What you will do ::
Pick every line out of the entries below that has the string "Lemma", and copy it.

────────

Lemma barrier_grad_dot_int_le0 x w : cone_int n K x -> cone_int n K w -> dot n (g x) w <= 0.
Proof.
  intros Hx Hw; pose proof (cone_int_inE _ _ _ Hw) as Hwe.
  replace (dot n (g x) w) with (dot n (g (line x w 0)) w) by (rewrite line_0; reflexivity).
  apply (convex_bounded_deriv_le0 (fun t => F (line x w t)) (fun t => dot n (g (line x w t)) w)
           (fun t => quad n (Hs (line x w t)) w) (Rabs (F x) + Rabs (F w))).
  - intros T HT; apply barrier_line_convex; [assumption|].
    intros t Ht; apply cone_int_ray; [assumption|assumption| |lra].
    apply (cone_int_mem n); assumption.
  - intros t Ht; apply barrier_bounded_on_ray; assumption.
Qed.

Lemma barrier_grad_dot_le0 x w : cone_int n K x -> K w -> dot n (g x) w <= 0.
Proof.
  intros Hx Hw.
  (* [e x + w] is interior for every [e > 0], and [<g x, e x> = - e nu] *)
  assert (He : forall e, 0 < e -> dot n (g x) w <= e * nu).
  { intros e He.
    pose proof (barrier_grad_dot_int_le0 x (vadd (vscal e x) w) Hx
                  (cone_int_add _ _ HK _ _ (cone_int_scal _ _ HK _ _ Hx He) Hw)) as Hle.
    rewrite dot_addr, dot_scalr, barrier_grad_dot_self in Hle by assumption; lra. }
  pose proof barrier_nu_ge0.
  apply Rnot_lt_le; intro Hpos.
  specialize (He (dot n (g x) w / (2 * (nu + 1))) ltac:(apply Rdiv_lt_0_compat; lra)).
  assert (dot n (g x) w / (2 * (nu + 1)) * nu < dot n (g x) w); [|lra].
  apply Rmult_lt_reg_r with (2 * (nu + 1)); [lra|].
  replace (dot n (g x) w / (2 * (nu + 1)) * nu * (2 * (nu + 1))) with (dot n (g x) w * nu)
    by (field; lra).
  nra.
Qed.

Lemma barrier_hess_le_grad_dot_sq x w : cone_int n K x -> K w ->
  quad n (Hs x) w <= dot n (g x) w ^ 2.
Proof.
  intros Hx Hw; pose proof (cone_inE _ _ HK _ Hw) as Hwe.
  assert (Hray : forall t, 0 <= t -> cone_int n K (line x w t))
    by (intros; apply cone_int_ray; assumption).
  destruct (barrier_line_self_concordant x w (fun t => 0 <= t) Hwe Hray) as [dq Hsc].
  rewrite <- (line_0 x w) at 1 2.
  apply (self_concordant_ray_bound (fun t => dot n (g (line x w t)) w) _ _ Hsc).
  intros t Ht; split; [apply barrier_line_grad_deriv; auto|].
  apply barrier_grad_dot_le0; auto.
Qed.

────────

Answer box ::
Lemma barrier_grad_dot_int_le0 x w : cone_int n K x -> cone_int n K w -> dot n (g x) w <= 0.
Lemma barrier_grad_dot_le0 x w : cone_int n K x -> K w -> dot n (g x) w <= 0.
Lemma barrier_hess_le_grad_dot_sq x w : cone_int n K x -> K w ->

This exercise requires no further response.